Is he hanging out with Marc?


----------



## skiNEwhere (Nov 7, 2013)

I was wondering the same thing


----------



## ScottySkis (Nov 7, 2013)

PM him and see what is up?


----------



## snowmonster (Nov 8, 2013)

Last time I saw him was in Tux on June 15, my last ski day. He said that he was spending more of his time online on his blog, thesnowway.com. You might want to reach out to him there.


----------



## Savemeasammy (Nov 8, 2013)

He's around.  He went to Sunday River last weekend.


----------



## bvibert (Nov 8, 2013)

ctenidae said:


> Is he hanging out with Marc?


No, I think he's been too busy working on that mountain top brothel he always wanted.


----------



## wa-loaf (Nov 8, 2013)

ctenidae said:


> Is he hanging out with Marc?



Marc is busy posting renovation photos of his kitchen on facebook.


----------



## hammer (Nov 8, 2013)

wa-loaf said:


> Marc is busy posting renovation photos of his kitchen on facebook.


Will be going though that in a month, doing the design work and deciding on what to get is enough...if he can DIY the install without losing his sanity then he can save some big bucks.


----------



## wa-loaf (Nov 8, 2013)

hammer said:


> Will be going though that in a month, doing the design work and deciding on what to get is enough...if he can DIY the install without losing his sanity then he can save some big bucks.



Yeah, he's one of those guys that can do all that stuff on his own. I can be handy in some situations, but know my limits ...


----------



## bvibert (Nov 8, 2013)

wa-loaf said:


> Yeah, he's one of those guys that can do all that stuff on his own. I can be handy in some situations, but know my limits ...



I'm convinced that he can do pretty much anything he wants.  I'm also pretty sure that he's not human.  IIRC his renovation involved completely tearing out the floor and replacing floor joists before rebuilding from scratch.


----------



## hammer (Nov 8, 2013)

wa-loaf said:


> Yeah, he's one of those guys that can do all that stuff on his own. I can be handy in some situations, but know my limits ...


For us every DIY job is a big learning experience.  Many times the lesson is "the next time I do this I'm hiring someone to do it."


----------



## ctenidae (Nov 8, 2013)

bvibert said:


> I'm convinced that he can do pretty much anything he wants.

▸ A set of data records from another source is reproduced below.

Section FramedAlgebra.
Variables (R : realType) (l r : nat) (V : vectType R[i]).
Variables (Sg : Lambda l r -> {vspace V}) (mul : V -> V -> V) (one : V).
Hypothesis Sg_sum : (\sum_(lam : Lambda l r) Sg lam)%VS = fullv.
Hypothesis Sg_direct : directv (\sum_(lam : Lambda l r) Sg lam).
Hypothesis mulDl : forall (k : R[i]) a b c, mul (k *: a + b) c = k *: mul a c + mul b c.
Hypothesis mulDr : forall (k : R[i]) a b c, mul a (k *: b + c) = k *: mul a b + mul a c.
Hypothesis one_neq0 : one != 0.
Hypothesis Sg_lam0 : Sg lam0 = <[one]>%VS.
Hypothesis mul_unit : forall a, mul one a = a /\ mul a one = a.
Hypothesis mul_fusion : FA3 Sg mul.
Hypothesis mul_braiding : FA4 Sg mul.
Hypothesis S_simple : simple_framed Sg mul.

Local Notation gr := (grcomp Sg).
Local Notation CS := (CS Sg).
Implicit Types (a b c g : Code l r) (lam mu : Lambda l r).

Definition lmul (u : V) := mul u.
Definition rmul (w : V) := fun u => mul u w.

Lemma lmul_is_linear u : linear (lmul u).
Proof. by move=> k v w; rewrite /lmul mulDr. Qed.
Lemma rmul_is_linear w : linear (rmul w).
Proof. by move=> k u v; rewrite /rmul mulDl. Qed.
HB.instance Definition _ u := GRing.isLinear.Build _ V V *:%R (lmul u) (lmul_is_linear u).
HB.instance Definition _ w := GRing.isLinear.Build _ V V *:%R (rmul w) (rmul_is_linear w).

Lemma mulv_sum u (I : Type) (s : seq I) (P : pred I) (F : I -> V) :
  mul u (\sum_(i <- s | P i) F i) = \sum_(i <- s | P i) mul u (F i).
Proof. exact: (linear_sum (lmul u)). Qed.
Lemma mul_sumv w (I : Type) (s : seq I) (P : pred I) (F : I -> V) :
  mul (\sum_(i <- s | P i) F i) w = \sum_(i <- s | P i) mul (F i) w.
Proof. exact: (linear_sum (rmul w)). Qed.
Lemma mulv0 u : mul u 0 = 0. Proof. exact: (linear0 (lmul u)). Qed.
Lemma mulvZ u k v : mul u (k *: v) = k *: mul u v. Proof. exact: (linearZ_LR (lmul u)). Qed.
Lemma mulZv k u v : mul (k *: u) v = k *: mul u v. Proof. exact: (linearZ_LR (rmul v)). Qed.
Lemma mulvB u v w : mul u (v - w) = mul u v - mul u w. Proof. exact: (linearB (lmul u)). Qed.

Lemma grcomp_is_linear lam : linear (gr lam).
Proof. by move=> k u v; rewrite /grcomp linearP. Qed.
HB.instance Definition _ lam :=
  GRing.isLinear.Build _ V V *:%R (gr lam) (grcomp_is_linear lam).

Lemma Sg_capv_sum lam : (Sg lam :&: \sum_(mu | mu != lam) Sg mu = 0)%VS.
Proof. exact: (directv_sumP Sg_direct). Qed.

Lemma grcomp_mem lam v : gr lam v \in Sg lam.
Proof. exact: memv_pi. Qed.

Lemma grcomp_id lam v : v \in Sg lam -> gr lam v = v.
Proof. by move=> Hv; rewrite /grcomp daddv_pi_id // Sg_capv_sum. Qed.

Lemma grcomp_out lam mu v : v \in Sg mu -> mu != lam -> gr lam v = 0.
Proof.
move=> Hv nml; set W := (\sum_(mu | mu != lam) Sg mu)%VS.
have HW : v \in W by apply: (subvP (sumv_sup mu nml (subvv _))).
have := daddv_pi_add (Sg_capv_sum lam) (subvP (addvSr _ _) _ HW).
rewrite (daddv_pi_id _ HW); last by rewrite capvC Sg_capv_sum.
by move/(canRL (addrK v)); rewrite subrr.
Qed.

Lemma grcomp_sum_homog (I : finType) (f : I -> Lambda l r) (P : pred I) (vs : I -> V) i0 :
  injective f -> (forall i, P i -> vs i \in Sg (f i)) ->
  gr (f i0) (\sum_(i | P i) vs i) = if P i0 then vs i0 else 0.
Proof.
move=> f_inj Hvs; rewrite linear_sum.
case: ifP => Pi0.
  rewrite (bigD1 i0) //= grcomp_id ?Hvs // big1 ?addr0 // => i /andP[Pi ni].
  by apply: (grcomp_out (Hvs _ Pi)); apply: contra ni => /eqP /f_inj ->.
apply: big1 => i Pi; apply: (grcomp_out (Hvs _ Pi)).
by apply: contraFN Pi0 => /eqP /f_inj <-.
Qed.

Lemma grcomp_decomp v : v = \sum_lam gr lam v.
Proof.
have : v \in (\sum_lam Sg lam)%VS by rewrite Sg_sum memvf.
case/memv_sumP => vs Hvs Ev.
have E lam : gr lam v = vs lam by rewrite Ev (grcomp_sum_homog (f := id)).
by under eq_bigr do rewrite E.
Qed.

Lemma grcomp_sum_out (P : pred (Lambda l r)) lam v :
  v \in (\sum_(mu | P mu) Sg mu)%VS -> ~~ P lam -> gr lam v = 0.
Proof.
case/memv_sumP => vs Hvs -> nP.
by rewrite (grcomp_sum_homog (f := id)) // (negPf nP).
Qed.

Lemma mul_shiftL a lam u v :
  u \in Sg (lamc a) -> v \in Sg lam -> mul u v \in Sg (shiftL a lam).
Proof.
move=> Hu Hv; have := mul_fusion Hu Hv.
by rewrite (big_pred1 (shiftL a lam)) // => mu; rewrite starL_lamc.
Qed.

Definition kerL (u : V) : {vspace V} := lker (linfun (lmul u)).

Lemma memv_kerL u v : (v \in kerL u) = (mul u v == 0).
Proof. by rewrite memv_ker lfunE. Qed.

Lemma kerL_grcomp a u v lam :
  u \in Sg (lamc a) -> mul u v = 0 -> mul u (gr lam v) = 0.
Proof.
move=> Hu uv0.
have := grcomp_sum_homog (P := predT) (vs := fun mu => mul u (gr mu v)) lam (@shiftL_inj l r a).
rewrite -mulv_sum -grcomp_decomp uv0 linear0 /= => <- // mu _.
exact: mul_shiftL (grcomp_mem _ _).
Qed.

(* FA4 with a1 = w and a2 = u expresses each homogeneous part of u (w m) through
   w (u m) = 0. *)
Lemma kerL_mul a u w m l1 l3 : u \in Sg (lamc a) -> w \in Sg l1 -> m \in Sg l3 ->
  mul u m = 0 -> mul u (mul w m) = 0.
Proof.
move=> Hu Hw Hm um0.
rewrite [mul w m]grcomp_decomp mulv_sum big1 // => mu _.
have [w_mu|Nw_mu] := boolP (starL l1 l3 mu); last first.
  by rewrite (grcomp_sum_out (mul_fusion Hw Hm) Nw_mu) mulv0.
have AL_mu : AL (shiftL a mu) (lamc a) l1 l3 mu by rewrite AL_lamc w_mu eqxx.
have := mul_braiding Hw Hu Hm AL_mu.
rewrite grcomp_id; last exact: mul_shiftL (grcomp_mem _ _).
move=> ->; apply: big1 => lam _.
by rewrite um0 linear0 mulv0 linear0 scaler0.
Qed.

Lemma kerL_ideal a u : u \in Sg (lamc a) -> is_ideal Sg mul (kerL u).
Proof.
move=> Hu; split.
  apply/eqP; rewrite eqEsubv; apply/andP; split.
    apply/subvP => v; rewrite memv_kerL => /eqP uv0.
    rewrite [v]grcomp_decomp; apply: memv_sumr => lam _.
    by rewrite memv_cap grcomp_mem memv_kerL (kerL_grcomp lam Hu uv0) eqxx.
  by apply/subv_sumP => lam _; apply: capvSl.
move=> w m; rewrite !memv_kerL => /eqP um0; apply/eqP.
rewrite [w]grcomp_decomp mul_sumv mulv_sum big1 // => l1 _.
rewrite [m]grcomp_decomp !mulv_sum big1 // => l3 _.
exact: kerL_mul Hu (grcomp_mem _ _) (grcomp_mem _ _) (kerL_grcomp _ Hu um0).
Qed.

Lemma mul_homog_eq0 a u v : u \in Sg (lamc a) -> u != 0 -> mul u v = 0 -> v = 0.
Proof.
move=> Hu u_neq0 uv0.
have [ker0|kerT] := S_simple (kerL_ideal Hu).
  by apply/eqP; rewrite -memv0 -ker0 memv_kerL uv0.
by move: (memvf one); rewrite -kerT memv_kerL (proj2 (mul_unit u)) (negPf u_neq0).
Qed.

(* [mul x v] and [mul x x] lie in S_(0,0) = <[one]>, so [x] kills a combination of [v] and [x]. *)
Lemma Sg_line a x : x \in Sg (lamc a) -> x != 0 -> Sg (lamc a) = <[x]>%VS.
Proof.
move=> Hx x_neq0; apply/eqP; rewrite eq_sym eqEsubv -memvE Hx /=.
apply/subvP => v Hv.
have S0 u w : u \in Sg (lamc a) -> w \in Sg (lamc a) -> exists k, mul u w = k *: one.
  move=> Hu Hw; apply/vlineP; rewrite -Sg_lam0 -lamc0 -(code_addK a) lamc_add.
  exact: mul_shiftL.
have [s xv] := S0 _ _ Hx Hv; have [t xx] := S0 _ _ Hx Hx.
have t_neq0 : t != 0.
  apply: contraNneq (x_neq0) => t0; apply/eqP/(mul_homog_eq0 Hx x_neq0).
  by rewrite xx t0 scale0r.
have : mul x (t *: v - s *: x) = 0.
  by rewrite mulvB !mulvZ xv xx !scalerA mulrC subrr.
move/(mul_homog_eq0 Hx x_neq0)/eqP; rewrite subr_eq0 => /eqP tv.
by apply/vlineP; exists (s / t); apply: (scalerI t_neq0); rewrite tv scalerA mulrC divfK.
Qed.

Lemma memCS a v : v \in Sg (lamc a) -> v != 0 -> a \in CS.
Proof.
by move=> Hv v_neq0; rewrite inE; apply: contraNneq v_neq0 => Sa0; rewrite -memv0 -Sa0.
Qed.

Definition xb a : V := if a == code0 then one else vpick (Sg (lamc a)).

Lemma xb_mem a : xb a \in Sg (lamc a).
Proof.
rewrite /xb; case: eqP => [->|_]; last exact: memv_pick.
by rewrite lamc0 Sg_lam0 memv_line.
Qed.

Lemma xb_neq0 a : a \in CS -> xb a != 0.
Proof. by rewrite inE /xb; case: (a =P code0) => // _; rewrite vpick0. Qed.

Lemma xb0 : xb code0 = one.
Proof. by rewrite /xb eqxx. Qed.

Lemma CS_group : code_group CS.
Proof.
have CS0 : code0 \in CS by rewrite (memCS (xb_mem code0)) ?xb0.
split=> // a b Ca Cb; apply: (@memCS _ (mul (xb a) (xb b))).
  by rewrite lamc_add mul_shiftL ?xb_mem.
by apply: contraNneq (xb_neq0 Cb) => /(mul_homog_eq0 (xb_mem a) (xb_neq0 Ca)) ->.
Qed.

Lemma code0_CS : code0 \in CS. Proof. by case: CS_group. Qed.
Lemma CS_add a b : a \in CS -> b \in CS -> a +c b \in CS.
Proof. by case: CS_group => _; apply. Qed.

Lemma Sg_xb a : a \in CS -> Sg (lamc a) = <[xb a]>%VS.
Proof. by move=> Ca; rewrite (Sg_line (xb_mem a)) ?xb_neq0. Qed.

Lemma mul_homog_braiding a b lam u w v :
  u \in Sg (lamc a) -> w \in Sg (lamc b) -> v \in Sg lam ->
  mul w (mul u v) = (-1) ^ wt (code_mul a b) *: mul u (mul w v).
Proof.
move=> Hu Hw Hv.
have uv_mem : mul u v \in Sg (shiftL a lam) by exact: mul_shiftL.
have wv_mem : mul w v \in Sg (shiftL b lam) by exact: mul_shiftL.
have AL_uv : AL (shiftL b (shiftL a lam)) (lamc b) (lamc a) lam (shiftL a lam).
  by rewrite AL_lamc starL_lamc !eqxx.
have := mul_braiding Hu Hw Hv AL_uv.
rewrite (grcomp_id uv_mem) grcomp_id ?mul_shiftL // => ->.
rewrite (big_pred1 (shiftL b lam)); last first.
  by move=> mu; rewrite AL_lamc starL_lamc shiftLC (inj_eq (@shiftL_inj _ _ a)) eq_sym andbb.
by rewrite BL_lamc (grcomp_id wv_mem) grcomp_id // shiftLC mul_shiftL.
Qed.

Definition cc a b : R[i] := coef (xb (a +c b)) (mul (xb a) (xb b)).

Lemma mul_xb a b : a \in CS -> b \in CS -> mul (xb a) (xb b) = cc a b *: xb (a +c b).
Proof.
by move=> Ca Cb; rewrite coefK // -Sg_xb ?CS_add // lamc_add mul_shiftL ?xb_mem.
Qed.

Lemma cc_neq0 a b : a \in CS -> b \in CS -> cc a b != 0.
Proof.
move=> Ca Cb; apply: contraNneq (xb_neq0 Cb) => cc0.
by apply/eqP/(mul_homog_eq0 (xb_mem a) (xb_neq0 Ca)); rewrite mul_xb // cc0 scale0r.
Qed.

Lemma cc0l a : a \in CS -> cc code0 a = 1.
Proof.
by move=> Ca; rewrite /cc code_add0 xb0 (proj1 (mul_unit _)) -[X in coef _ X]scale1r coefZ ?xb_neq0.
Qed.

Lemma cc0r a : a \in CS -> cc a code0 = 1.
Proof.
by move=> Ca; rewrite /cc code_addr0 xb0 (proj2 (mul_unit _)) -[X in coef _ X]scale1r coefZ ?xb_neq0.
Qed.

Lemma cc_twist a b c : a \in CS -> b \in CS -> c \in CS ->
  cc a c * cc b (a +c c) = (-1) ^ wt (code_mul a b) * cc b c * cc a (b +c c).
Proof.
move=> Ca Cb Cc; have Cac := CS_add Ca Cc; have Cbc := CS_add Cb Cc.
have := mul_homog_braiding (xb_mem a) (xb_mem b) (xb_mem c).
rewrite !mul_xb // !mulvZ !mul_xb // !scalerA (code_addCA b a c).
by move/(scalerIv (xb_neq0 (CS_add Ca Cbc))).
Qed.

Variable eps : Code l r -> Code l r -> R[i].
Hypothesis eps_sign : forall a b, a \in CS -> b \in CS -> eps a b = 1 \/ eps a b = -1.
Hypothesis eps_bimul : forall a b c, a \in CS -> b \in CS -> c \in CS ->
  eps (a +c b) c = eps a c * eps b c /\ eps a (b +c c) = eps a b * eps a c.
Hypothesis eps_comm : forall a b, a \in CS -> b \in CS ->
  eps a b * eps b a = (-1) ^ wt (code_mul a b).

Lemma eps0l a : a \in CS -> eps code0 a = 1.
Proof.
move=> Ca; have := proj1 (eps_bimul code0_CS code0_CS Ca); rewrite code_add0.
case: (eps_sign code0_CS Ca) => -> //; rewrite mulrNN mulr1 => /eqP.
by rewrite eq_sym -addr_eq0 -mulr2n mulrn_eq0 oner_eq0.
Qed.

(* [dd] is symmetric because [cc] and [eps] have the same commutator [(-1)^|ab|]. *)
Definition dd a b : R[i] := cc a b * eps a b.

Lemma dd_neq0 a b : a \in CS -> b \in CS -> dd a b != 0.
Proof.
move=> Ca Cb; rewrite mulf_neq0 ?cc_neq0 //.
by case: (eps_sign Ca Cb) => ->; rewrite ?oppr_eq0 oner_eq0.
Qed.

Lemma dd0l a : a \in CS -> dd code0 a = 1.
Proof. by move=> Ca; rewrite /dd cc0l // eps0l // mulr1. Qed.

Yeah, I think he's one of the more capable people I've ever met.
And he's a pretty nice guy. I don't care what the sheep say.


----------



## o3jeff (Nov 15, 2013)

ctenidae said:


> Yeah, I think he's one of the more capable people I've ever met.
> And he's a pretty nice guy. I don't care what the sheep say.



I'm sure the goats tell a different story about him!


----------



## Cornhead (Nov 15, 2013)

He's been posting on Harvey Road, what'd you do to piss him off Nick?


----------



## ScottySkis (Nov 15, 2013)

I like him he okay with in my book.


----------



## nelsapbm (Nov 15, 2013)

He just posted on the Nelsap board.


----------



## skiNEwhere (Nov 15, 2013)

nelsapbm said:


> He just posted on the Nelsap board.



I wonder if he realizes he's under 24/7 surveillance now


----------



## skiNEwhere (Nov 15, 2013)

ctenidae said:


> Is he hanging out with Marc?



Where is Marc anyways? He was pretty funny


----------



## ScottySkis (Nov 15, 2013)

skiNEwhere said:


> Where is Marc anyways? He was pretty funny



Probably hiking Platty.


----------